(Beginning of Materials provided)

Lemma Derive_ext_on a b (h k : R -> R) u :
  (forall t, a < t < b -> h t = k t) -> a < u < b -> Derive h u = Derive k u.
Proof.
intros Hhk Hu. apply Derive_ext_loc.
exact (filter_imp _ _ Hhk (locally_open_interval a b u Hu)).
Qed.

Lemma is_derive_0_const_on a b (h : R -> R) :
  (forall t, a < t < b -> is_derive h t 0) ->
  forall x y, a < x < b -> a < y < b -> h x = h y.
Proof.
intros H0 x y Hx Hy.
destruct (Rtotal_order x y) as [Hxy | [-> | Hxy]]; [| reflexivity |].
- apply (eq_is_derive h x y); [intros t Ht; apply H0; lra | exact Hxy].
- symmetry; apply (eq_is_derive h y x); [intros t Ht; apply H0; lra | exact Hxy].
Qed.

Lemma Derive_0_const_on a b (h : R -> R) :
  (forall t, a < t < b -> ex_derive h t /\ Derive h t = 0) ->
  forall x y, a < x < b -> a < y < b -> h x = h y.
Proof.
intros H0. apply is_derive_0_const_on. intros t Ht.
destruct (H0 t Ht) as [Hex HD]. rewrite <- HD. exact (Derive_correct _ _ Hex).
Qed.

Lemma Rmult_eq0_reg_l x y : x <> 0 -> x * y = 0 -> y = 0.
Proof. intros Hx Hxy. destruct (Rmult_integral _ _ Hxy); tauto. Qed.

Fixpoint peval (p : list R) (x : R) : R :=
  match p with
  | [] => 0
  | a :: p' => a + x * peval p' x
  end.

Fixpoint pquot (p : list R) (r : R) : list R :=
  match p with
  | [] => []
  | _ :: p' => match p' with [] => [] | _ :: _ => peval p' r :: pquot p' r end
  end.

(End of Materials provided)
(Beginning of Materials provided)

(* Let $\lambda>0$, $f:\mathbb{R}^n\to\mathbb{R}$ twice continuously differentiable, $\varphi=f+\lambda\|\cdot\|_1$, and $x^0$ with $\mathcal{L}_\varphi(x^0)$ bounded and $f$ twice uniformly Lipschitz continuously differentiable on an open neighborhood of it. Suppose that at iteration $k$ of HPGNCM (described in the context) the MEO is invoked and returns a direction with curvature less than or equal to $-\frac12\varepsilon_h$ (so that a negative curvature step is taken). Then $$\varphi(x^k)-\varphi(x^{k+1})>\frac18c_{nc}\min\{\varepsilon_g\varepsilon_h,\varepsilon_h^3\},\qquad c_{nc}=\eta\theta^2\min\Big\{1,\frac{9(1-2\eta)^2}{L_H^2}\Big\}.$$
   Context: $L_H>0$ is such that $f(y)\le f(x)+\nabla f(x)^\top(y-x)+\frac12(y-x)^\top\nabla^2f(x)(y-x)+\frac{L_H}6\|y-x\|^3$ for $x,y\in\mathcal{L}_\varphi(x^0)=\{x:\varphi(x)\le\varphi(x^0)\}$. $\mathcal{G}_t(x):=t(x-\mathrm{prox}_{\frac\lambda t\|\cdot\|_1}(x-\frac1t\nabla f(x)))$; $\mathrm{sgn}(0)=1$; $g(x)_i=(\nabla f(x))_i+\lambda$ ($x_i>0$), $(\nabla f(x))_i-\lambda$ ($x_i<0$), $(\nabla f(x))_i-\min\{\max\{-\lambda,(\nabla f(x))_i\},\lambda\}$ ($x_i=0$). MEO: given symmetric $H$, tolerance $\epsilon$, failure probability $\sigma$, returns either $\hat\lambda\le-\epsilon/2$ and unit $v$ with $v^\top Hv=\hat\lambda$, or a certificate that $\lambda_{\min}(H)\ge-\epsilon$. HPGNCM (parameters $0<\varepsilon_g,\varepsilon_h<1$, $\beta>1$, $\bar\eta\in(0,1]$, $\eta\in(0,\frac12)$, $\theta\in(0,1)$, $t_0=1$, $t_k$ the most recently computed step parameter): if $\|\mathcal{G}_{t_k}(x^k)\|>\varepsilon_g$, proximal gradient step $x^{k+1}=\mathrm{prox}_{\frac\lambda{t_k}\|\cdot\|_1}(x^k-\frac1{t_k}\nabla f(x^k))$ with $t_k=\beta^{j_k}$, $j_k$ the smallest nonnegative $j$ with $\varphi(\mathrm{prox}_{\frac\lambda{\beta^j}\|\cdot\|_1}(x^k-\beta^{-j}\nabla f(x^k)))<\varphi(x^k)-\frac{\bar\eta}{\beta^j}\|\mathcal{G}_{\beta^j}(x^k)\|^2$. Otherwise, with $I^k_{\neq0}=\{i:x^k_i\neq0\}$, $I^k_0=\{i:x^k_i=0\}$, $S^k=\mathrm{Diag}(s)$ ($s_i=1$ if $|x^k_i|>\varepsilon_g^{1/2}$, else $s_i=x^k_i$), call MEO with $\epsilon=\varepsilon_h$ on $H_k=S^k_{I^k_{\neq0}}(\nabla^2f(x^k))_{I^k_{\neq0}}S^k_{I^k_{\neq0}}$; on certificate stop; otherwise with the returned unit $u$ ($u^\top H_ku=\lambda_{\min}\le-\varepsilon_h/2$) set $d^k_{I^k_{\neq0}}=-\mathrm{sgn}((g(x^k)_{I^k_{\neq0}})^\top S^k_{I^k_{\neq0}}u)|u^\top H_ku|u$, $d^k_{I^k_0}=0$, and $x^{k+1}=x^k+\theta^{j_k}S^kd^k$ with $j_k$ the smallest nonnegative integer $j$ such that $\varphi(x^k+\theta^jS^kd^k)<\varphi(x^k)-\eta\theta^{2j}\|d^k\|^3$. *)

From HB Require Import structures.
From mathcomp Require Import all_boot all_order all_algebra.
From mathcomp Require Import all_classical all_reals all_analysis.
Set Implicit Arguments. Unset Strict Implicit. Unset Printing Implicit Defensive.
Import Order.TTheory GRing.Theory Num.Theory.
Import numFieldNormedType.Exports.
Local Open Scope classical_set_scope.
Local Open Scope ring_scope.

(End of Materials provided)
(Beginning of Materials provided)

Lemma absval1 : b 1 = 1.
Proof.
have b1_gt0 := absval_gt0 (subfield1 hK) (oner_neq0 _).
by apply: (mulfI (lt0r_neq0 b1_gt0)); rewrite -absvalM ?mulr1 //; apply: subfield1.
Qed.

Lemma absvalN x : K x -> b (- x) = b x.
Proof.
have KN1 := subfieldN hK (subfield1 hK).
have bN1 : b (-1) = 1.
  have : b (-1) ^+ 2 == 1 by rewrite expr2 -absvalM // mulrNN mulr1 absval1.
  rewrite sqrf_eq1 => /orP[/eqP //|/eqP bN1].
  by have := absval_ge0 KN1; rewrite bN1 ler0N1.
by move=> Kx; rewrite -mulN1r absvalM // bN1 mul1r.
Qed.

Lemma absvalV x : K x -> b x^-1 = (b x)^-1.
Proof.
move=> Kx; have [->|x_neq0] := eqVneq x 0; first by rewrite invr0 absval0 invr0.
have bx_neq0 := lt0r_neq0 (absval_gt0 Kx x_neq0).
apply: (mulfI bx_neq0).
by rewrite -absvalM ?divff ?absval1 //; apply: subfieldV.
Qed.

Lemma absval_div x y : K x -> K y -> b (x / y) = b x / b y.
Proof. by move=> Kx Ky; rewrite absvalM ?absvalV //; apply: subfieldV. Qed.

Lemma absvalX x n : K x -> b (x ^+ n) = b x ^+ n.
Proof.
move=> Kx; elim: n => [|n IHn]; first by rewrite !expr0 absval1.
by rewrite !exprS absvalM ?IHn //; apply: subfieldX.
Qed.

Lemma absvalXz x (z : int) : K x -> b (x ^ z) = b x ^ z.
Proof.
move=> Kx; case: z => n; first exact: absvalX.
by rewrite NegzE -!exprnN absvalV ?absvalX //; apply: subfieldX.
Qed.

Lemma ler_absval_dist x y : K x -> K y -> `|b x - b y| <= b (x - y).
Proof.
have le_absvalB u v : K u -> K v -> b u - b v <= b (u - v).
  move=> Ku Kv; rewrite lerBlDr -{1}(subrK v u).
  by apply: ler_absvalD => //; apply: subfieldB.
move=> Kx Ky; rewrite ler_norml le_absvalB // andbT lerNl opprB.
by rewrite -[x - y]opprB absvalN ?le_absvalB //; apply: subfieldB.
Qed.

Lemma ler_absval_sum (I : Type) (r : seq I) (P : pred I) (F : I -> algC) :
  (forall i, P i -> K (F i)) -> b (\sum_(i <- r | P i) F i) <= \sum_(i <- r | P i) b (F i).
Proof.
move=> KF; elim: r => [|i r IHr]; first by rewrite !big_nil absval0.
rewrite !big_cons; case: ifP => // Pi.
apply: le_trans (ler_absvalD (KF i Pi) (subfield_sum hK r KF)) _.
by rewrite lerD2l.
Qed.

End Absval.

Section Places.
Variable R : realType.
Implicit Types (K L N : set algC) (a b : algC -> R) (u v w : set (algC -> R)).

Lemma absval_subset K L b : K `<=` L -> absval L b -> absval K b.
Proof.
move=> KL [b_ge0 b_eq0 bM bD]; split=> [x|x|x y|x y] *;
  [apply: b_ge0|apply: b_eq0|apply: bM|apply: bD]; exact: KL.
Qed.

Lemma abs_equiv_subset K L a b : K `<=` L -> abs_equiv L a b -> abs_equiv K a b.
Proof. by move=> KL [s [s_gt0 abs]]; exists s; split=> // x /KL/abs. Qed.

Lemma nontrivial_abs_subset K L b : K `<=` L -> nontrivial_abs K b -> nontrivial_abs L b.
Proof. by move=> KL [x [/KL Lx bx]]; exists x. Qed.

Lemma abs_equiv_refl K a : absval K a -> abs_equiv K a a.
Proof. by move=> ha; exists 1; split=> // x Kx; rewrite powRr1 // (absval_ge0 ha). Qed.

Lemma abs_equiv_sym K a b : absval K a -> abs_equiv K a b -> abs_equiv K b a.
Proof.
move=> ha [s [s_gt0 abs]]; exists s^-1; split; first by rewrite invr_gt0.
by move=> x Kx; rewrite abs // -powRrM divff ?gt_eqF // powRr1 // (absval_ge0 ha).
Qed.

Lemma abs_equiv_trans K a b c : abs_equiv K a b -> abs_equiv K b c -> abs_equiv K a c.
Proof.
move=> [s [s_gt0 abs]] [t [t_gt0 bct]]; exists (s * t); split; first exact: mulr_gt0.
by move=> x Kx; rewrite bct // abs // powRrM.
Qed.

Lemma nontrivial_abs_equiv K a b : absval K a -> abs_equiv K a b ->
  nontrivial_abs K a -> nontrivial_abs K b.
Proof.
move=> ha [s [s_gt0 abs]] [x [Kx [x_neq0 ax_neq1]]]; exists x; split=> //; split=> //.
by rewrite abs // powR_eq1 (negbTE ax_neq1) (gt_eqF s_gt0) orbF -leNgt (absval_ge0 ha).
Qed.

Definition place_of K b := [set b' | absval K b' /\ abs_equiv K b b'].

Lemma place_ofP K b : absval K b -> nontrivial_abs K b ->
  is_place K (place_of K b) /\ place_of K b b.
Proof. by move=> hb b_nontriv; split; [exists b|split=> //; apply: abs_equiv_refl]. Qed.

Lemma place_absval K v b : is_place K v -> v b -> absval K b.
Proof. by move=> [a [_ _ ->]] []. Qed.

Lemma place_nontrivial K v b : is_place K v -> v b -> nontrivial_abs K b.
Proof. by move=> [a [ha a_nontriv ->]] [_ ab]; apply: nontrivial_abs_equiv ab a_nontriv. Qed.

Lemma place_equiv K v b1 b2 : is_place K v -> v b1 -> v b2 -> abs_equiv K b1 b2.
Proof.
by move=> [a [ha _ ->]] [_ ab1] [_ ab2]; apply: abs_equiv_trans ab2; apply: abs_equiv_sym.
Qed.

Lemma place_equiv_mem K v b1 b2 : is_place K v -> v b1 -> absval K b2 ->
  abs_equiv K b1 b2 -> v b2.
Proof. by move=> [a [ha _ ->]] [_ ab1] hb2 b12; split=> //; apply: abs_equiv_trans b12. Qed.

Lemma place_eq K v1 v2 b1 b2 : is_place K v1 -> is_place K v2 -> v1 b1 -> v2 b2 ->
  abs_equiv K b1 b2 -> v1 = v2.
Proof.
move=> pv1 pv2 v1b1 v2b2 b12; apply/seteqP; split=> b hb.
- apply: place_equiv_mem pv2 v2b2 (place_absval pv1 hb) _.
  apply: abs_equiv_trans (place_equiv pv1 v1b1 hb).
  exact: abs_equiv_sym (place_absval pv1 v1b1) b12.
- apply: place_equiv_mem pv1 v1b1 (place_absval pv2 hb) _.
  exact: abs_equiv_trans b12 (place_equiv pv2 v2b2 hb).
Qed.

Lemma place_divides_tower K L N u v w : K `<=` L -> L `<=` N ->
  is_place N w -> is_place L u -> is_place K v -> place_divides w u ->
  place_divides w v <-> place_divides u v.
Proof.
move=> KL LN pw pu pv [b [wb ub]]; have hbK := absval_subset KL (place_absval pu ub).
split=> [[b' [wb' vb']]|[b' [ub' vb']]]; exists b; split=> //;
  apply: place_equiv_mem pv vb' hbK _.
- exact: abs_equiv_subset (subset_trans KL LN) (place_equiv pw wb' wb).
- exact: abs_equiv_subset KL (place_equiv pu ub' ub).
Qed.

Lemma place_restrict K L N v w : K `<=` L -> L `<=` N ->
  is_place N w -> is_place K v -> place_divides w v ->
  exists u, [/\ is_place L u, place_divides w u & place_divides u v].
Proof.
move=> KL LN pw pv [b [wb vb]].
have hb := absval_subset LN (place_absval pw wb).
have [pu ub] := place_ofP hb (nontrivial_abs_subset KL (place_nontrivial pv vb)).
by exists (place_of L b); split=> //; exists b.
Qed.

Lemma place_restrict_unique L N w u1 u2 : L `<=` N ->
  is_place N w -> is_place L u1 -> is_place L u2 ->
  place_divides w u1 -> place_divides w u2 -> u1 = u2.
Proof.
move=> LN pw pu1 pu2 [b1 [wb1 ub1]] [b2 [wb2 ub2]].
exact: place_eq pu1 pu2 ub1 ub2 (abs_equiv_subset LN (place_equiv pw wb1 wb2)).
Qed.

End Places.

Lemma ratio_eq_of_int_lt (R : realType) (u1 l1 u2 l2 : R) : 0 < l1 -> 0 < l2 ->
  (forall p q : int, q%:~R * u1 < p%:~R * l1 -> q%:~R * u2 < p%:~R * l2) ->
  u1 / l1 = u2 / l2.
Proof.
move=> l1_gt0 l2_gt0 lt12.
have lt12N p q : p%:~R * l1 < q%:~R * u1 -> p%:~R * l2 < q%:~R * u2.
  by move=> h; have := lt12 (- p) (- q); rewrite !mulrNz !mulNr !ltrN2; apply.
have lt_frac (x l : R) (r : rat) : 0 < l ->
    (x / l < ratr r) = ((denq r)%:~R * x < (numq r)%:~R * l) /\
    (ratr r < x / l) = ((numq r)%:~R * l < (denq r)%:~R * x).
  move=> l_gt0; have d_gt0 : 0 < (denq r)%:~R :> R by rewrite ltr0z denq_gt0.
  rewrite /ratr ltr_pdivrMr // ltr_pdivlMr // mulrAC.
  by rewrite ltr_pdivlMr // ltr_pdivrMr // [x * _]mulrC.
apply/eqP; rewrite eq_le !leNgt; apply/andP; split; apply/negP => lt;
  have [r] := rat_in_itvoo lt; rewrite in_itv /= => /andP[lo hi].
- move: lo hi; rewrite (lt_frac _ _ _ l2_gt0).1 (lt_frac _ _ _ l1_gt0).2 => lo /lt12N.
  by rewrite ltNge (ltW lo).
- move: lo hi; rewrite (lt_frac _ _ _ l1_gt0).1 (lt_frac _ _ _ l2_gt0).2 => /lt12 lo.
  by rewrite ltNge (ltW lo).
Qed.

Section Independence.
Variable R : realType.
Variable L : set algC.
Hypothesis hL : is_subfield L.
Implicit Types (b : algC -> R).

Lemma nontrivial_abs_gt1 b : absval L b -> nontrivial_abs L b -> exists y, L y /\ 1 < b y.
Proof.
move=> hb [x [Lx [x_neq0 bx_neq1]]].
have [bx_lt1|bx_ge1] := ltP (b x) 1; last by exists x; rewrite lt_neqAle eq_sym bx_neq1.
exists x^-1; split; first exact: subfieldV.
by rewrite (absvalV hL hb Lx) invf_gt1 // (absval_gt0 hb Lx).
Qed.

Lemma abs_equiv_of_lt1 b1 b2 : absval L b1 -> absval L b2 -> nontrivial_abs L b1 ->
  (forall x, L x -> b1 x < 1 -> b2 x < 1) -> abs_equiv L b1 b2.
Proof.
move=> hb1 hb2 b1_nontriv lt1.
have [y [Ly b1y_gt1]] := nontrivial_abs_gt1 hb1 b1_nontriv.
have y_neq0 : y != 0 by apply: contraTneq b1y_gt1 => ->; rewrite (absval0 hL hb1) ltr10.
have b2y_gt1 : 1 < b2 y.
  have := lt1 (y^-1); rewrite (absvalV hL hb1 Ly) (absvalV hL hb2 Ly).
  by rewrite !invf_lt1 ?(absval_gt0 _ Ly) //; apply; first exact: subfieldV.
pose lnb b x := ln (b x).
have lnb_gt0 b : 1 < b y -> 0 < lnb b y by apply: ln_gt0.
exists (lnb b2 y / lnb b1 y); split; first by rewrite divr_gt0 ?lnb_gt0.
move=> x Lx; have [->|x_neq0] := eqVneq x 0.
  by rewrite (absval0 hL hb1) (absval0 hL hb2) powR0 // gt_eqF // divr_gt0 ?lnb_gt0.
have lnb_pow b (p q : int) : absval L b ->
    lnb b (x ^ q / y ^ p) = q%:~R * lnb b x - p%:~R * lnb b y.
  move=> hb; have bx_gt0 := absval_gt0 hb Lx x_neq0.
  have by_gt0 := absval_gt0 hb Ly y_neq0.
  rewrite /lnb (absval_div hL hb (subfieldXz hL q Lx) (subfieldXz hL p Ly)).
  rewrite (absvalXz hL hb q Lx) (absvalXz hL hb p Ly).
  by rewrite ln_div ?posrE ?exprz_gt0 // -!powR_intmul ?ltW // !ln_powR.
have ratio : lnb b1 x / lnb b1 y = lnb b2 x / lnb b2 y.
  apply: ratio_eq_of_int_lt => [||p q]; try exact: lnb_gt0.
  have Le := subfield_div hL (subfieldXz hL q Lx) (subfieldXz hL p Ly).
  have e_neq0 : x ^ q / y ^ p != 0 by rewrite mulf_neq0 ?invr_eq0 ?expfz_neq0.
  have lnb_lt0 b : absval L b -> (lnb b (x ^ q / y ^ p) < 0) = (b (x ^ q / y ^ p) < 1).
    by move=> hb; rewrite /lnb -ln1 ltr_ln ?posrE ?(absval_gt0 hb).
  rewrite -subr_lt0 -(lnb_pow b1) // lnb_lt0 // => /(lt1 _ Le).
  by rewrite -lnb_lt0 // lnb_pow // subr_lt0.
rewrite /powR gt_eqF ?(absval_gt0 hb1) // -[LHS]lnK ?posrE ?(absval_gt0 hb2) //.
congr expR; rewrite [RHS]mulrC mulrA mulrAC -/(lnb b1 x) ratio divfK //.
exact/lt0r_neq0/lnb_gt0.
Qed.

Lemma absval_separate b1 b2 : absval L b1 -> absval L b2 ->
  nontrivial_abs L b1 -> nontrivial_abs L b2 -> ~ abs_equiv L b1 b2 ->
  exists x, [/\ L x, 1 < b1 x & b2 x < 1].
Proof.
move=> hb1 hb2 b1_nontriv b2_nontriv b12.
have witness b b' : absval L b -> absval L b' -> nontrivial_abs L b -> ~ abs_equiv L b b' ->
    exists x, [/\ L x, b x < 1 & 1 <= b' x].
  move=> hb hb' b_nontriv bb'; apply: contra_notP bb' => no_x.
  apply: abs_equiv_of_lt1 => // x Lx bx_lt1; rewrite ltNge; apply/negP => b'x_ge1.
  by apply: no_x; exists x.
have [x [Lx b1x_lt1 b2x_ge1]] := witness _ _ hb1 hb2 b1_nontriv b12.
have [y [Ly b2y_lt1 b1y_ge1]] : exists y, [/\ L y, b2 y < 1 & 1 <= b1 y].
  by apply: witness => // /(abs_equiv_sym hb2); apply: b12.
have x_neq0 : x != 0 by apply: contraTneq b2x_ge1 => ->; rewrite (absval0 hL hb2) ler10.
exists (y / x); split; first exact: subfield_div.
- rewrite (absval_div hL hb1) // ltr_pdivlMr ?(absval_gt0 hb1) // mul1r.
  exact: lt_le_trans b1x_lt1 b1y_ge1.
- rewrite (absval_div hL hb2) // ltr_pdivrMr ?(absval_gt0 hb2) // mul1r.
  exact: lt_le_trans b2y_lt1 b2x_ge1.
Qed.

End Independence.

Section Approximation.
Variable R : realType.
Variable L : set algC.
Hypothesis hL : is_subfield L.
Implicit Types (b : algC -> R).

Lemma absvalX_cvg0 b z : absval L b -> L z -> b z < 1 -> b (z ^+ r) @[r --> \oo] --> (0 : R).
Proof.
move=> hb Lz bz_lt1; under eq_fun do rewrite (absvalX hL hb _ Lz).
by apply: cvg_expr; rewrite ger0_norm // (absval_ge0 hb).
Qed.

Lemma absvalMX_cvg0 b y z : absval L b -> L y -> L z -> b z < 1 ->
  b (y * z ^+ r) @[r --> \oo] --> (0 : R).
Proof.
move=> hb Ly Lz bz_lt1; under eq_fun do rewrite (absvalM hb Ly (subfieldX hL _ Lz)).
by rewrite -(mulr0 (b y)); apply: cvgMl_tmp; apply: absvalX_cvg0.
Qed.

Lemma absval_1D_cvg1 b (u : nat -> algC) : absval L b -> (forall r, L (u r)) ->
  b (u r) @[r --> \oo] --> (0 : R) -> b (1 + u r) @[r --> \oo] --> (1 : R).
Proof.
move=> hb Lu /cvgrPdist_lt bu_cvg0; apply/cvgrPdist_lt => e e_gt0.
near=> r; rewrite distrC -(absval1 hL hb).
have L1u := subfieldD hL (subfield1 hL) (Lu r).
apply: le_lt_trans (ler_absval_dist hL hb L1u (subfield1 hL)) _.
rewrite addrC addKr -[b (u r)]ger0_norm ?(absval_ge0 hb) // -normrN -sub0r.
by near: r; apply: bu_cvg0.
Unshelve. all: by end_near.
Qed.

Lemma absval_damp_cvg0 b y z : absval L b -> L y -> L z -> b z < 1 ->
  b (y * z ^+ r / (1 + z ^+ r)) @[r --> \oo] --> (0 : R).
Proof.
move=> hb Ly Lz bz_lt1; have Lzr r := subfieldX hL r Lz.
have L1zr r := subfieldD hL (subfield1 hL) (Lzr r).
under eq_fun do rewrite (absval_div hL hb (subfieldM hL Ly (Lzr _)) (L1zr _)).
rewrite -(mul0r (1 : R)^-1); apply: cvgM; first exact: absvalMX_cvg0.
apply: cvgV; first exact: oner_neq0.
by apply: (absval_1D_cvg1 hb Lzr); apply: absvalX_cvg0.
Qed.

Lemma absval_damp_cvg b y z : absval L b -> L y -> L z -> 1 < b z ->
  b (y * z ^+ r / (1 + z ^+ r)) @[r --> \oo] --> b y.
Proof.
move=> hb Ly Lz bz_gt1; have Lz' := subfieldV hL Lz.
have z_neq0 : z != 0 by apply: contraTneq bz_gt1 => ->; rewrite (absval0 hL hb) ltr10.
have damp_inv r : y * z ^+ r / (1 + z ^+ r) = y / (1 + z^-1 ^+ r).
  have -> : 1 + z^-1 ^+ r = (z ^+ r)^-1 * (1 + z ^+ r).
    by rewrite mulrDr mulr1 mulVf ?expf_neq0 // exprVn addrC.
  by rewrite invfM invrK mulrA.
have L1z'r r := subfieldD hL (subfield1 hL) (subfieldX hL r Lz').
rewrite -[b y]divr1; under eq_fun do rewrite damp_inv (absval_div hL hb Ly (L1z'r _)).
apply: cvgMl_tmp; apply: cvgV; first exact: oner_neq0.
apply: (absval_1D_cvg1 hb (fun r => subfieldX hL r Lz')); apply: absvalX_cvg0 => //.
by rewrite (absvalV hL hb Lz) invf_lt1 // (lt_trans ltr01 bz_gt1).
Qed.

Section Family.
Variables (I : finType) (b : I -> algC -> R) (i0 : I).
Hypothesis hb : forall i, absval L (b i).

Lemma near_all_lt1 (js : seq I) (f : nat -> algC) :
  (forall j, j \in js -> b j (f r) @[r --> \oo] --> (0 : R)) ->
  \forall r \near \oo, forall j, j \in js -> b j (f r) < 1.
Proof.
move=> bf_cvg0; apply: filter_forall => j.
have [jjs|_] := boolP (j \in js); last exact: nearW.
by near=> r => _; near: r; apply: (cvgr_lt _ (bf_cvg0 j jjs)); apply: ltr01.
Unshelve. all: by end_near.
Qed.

(End of Materials provided)

Directions for this task:
Copy word for word the stretch of entries above from the line that has "by rewrite -[x" through the line that has "Proof. by move=> KL [s", both ends included, and nothing outside it.

Your response:
by rewrite -[x - y]opprB absvalN ?le_absvalB //; apply: subfieldB.
Qed.

Lemma ler_absval_sum (I : Type) (r : seq I) (P : pred I) (F : I -> algC) :
  (forall i, P i -> K (F i)) -> b (\sum_(i <- r | P i) F i) <= \sum_(i <- r | P i) b (F i).
Proof.
move=> KF; elim: r => [|i r IHr]; first by rewrite !big_nil absval0.
rewrite !big_cons; case: ifP => // Pi.
apply: le_trans (ler_absvalD (KF i Pi) (subfield_sum hK r KF)) _.
by rewrite lerD2l.
Qed.

End Absval.

Section Places.
Variable R : realType.
Implicit Types (K L N : set algC) (a b : algC -> R) (u v w : set (algC -> R)).

Lemma absval_subset K L b : K `<=` L -> absval L b -> absval K b.
Proof.
move=> KL [b_ge0 b_eq0 bM bD]; split=> [x|x|x y|x y] *;
  [apply: b_ge0|apply: b_eq0|apply: bM|apply: bD]; exact: KL.
Qed.

Lemma abs_equiv_subset K L a b : K `<=` L -> abs_equiv L a b -> abs_equiv K a b.
Proof. by move=> KL [s [s_gt0 abs]]; exists s; split=> // x /KL/abs. Qed.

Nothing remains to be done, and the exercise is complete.